» **Your goal**
When the line containing "Set Implicit Arguments." is found in the data below, copy it and each line after it through the line containing "Lemma mulrn_card (V", exactly and with no others.

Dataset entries
■ ■ ■ ■ ■ ■ ■
(* N_q(n): number of monic irreducible polynomials of degree n over F,
   where q = #|F|.  Irreducibility (a Prop in mathcomp) is turned into a
   boolean classically via boolp's asbool. *)
Definition Nirr (F : finFieldType) (n : nat) : nat :=
  #|[set t : n.-tuple F | `[< irreducible_poly (monic_of_tuple t) >] ]|.

(* The monic irreducible polynomials over F_q whose degree divides n are exactly the
   irreducible factors of the separable polynomial X^(q^n) - X, so comparing degrees
   gives q^n = sum_(d | n) d N_q(d).  Splitting the divisors of 2^t l according to
   whether l divides them yields l N_q(l) = q^l - q and, with a = q^(2^(t-1)) for t > 0,
   2^t l N_q(2^t l) = (a^l - a)(a^l + a - 1).  As a = 1 mod l, the second factor is prime
   to l, and v_l(a^l - a) = v_l(a^(l-1) - 1) = v_l(a - 1) = v_l(q - 1) since l divides
   neither l - 1 nor 2^(t-1). *)

From HB Require Import structures.
From mathcomp Require Import all_boot all_order all_algebra all_field.
From mathcomp Require Import boolp fingroup cyclic zify.
Set Implicit Arguments. Unset Strict Implicit. Unset Printing Implicit Defensive.
Import GRing.Theory FinRing.Theory.

Lemma sum_nat_by_value (I : finType) (A : pred I) (f : I -> nat) (s : seq nat) :
  uniq s -> {in A, forall i, f i \in s} ->
  \sum_(i in A) f i = \sum_(d <- s) d * #|[pred i in A | f i == d]|.
Proof.
move=> uniq_s f_s.
transitivity (\sum_(i in A) \sum_(d <- s | d == f i) d).
  apply: eq_bigr => i /f_s fi_s.
  by rewrite -big_filter filter_pred1_uniq // big_seq1.
rewrite (exchange_big_dep xpredT) //=; apply: eq_bigr => d _.
by rewrite mulnC -sum_nat_const; apply: eq_big => // i; rewrite !inE eq_sym.
Qed.

Local Open Scope ring_scope.

Lemma mulrn_card (V : finZmodType) (x : V) : x *+ #|V| = 0.
Proof. by rewrite -cardsT -zmodXgE (@expg_cardG _ (setT_group V)) ?inE. Qed.

Lemma pnat_card_pchar (F : finFieldType) : [pchar F].-nat #|F|.
Proof.
have [p p_pr pcharFp] := finPcharP F.
have -> : #|F| = (p ^ logn p #|F|)%N by exact: card_pprimeChar pcharFp.
by rewrite (eq_pnat _ (pcharf_eq pcharFp)) pnatX pnat_id.
Qed.

Lemma expf_card_exp (F : finFieldType) (x : F) m : x ^+ (#|F| ^ m) = x.
Proof. by elim: m => [|m IHm]; rewrite ?expr1 // expnS exprM expf_card IHm. Qed.

Lemma size_XnsubX (R : nzRingType) m :
  (1 < m)%N -> size ('X^m - 'X : {poly R}) = m.+1.
Proof. by move=> m_gt1; rewrite size_polyDl ?size_polyXn // size_polyN size_polyX ltnS. Qed.

Lemma monic_XnsubX (R : nzRingType) m : (1 < m)%N -> 'X^m - 'X \is @monic R.
Proof.
move=> m_gt1; rewrite monicE lead_coefDl ?lead_coefXn //.
by rewrite size_polyXn size_polyN size_polyX ltnS.
Qed.

Lemma separable_XnsubX (R : idomainType) k :
  k%:R = 0 :> R -> separable_poly ('X^k - 'X : {poly R}).
Proof.
move=> k0; rewrite unlock derivB derivXn derivX -mulr_natr -polyC_natr k0 mulr0 sub0r.
by rewrite -[-1 : {poly R}](scaleN1r 1) coprimepZr ?oppr_eq0 ?oner_eq0 ?coprimep1.
Qed.

Lemma card_leq_exp_id (R : finIdomainType) m :
  (1 < m)%N -> (forall x : R, x ^+ m = x) -> (#|R| <= m)%N.
Proof.
move=> m_gt1 xm_id.
rewrite cardE -ltnS -(size_XnsubX R m_gt1) max_poly_roots ?enum_uniq //.
  by rewrite -size_poly_eq0 size_XnsubX.
by apply/allP => x _; rewrite rootE !hornerE xm_id subrr.
Qed.

Section ExpPchar.
Variables (R : comNzRingType) (k : nat).
Hypothesis pchar_k : [pchar R].-nat k.

Definition exp_pchar (x : R) := x ^+ k.

Fact exp_pchar_is_nmod_morphism : nmod_morphism exp_pchar.
Proof.
split=> [|x y]; rewrite /exp_pchar; last exact: exprDn_pchar.
by rewrite expr0n; case/andP: pchar_k; case: k.
Qed.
■ ■ ■ ■ ■ ■ ■
» **Written solution**
Set Implicit Arguments. Unset Strict Implicit. Unset Printing Implicit Defensive.
Import GRing.Theory FinRing.Theory.

Lemma sum_nat_by_value (I : finType) (A : pred I) (f : I -> nat) (s : seq nat) :
  uniq s -> {in A, forall i, f i \in s} ->
  \sum_(i in A) f i = \sum_(d <- s) d * #|[pred i in A | f i == d]|.
Proof.
move=> uniq_s f_s.
transitivity (\sum_(i in A) \sum_(d <- s | d == f i) d).
  apply: eq_bigr => i /f_s fi_s.
  by rewrite -big_filter filter_pred1_uniq // big_seq1.
rewrite (exchange_big_dep xpredT) //=; apply: eq_bigr => d _.
by rewrite mulnC -sum_nat_const; apply: eq_big => // i; rewrite !inE eq_sym.
Qed.

Local Open Scope ring_scope.

Lemma mulrn_card (V : finZmodType) (x : V) : x *+ #|V| = 0.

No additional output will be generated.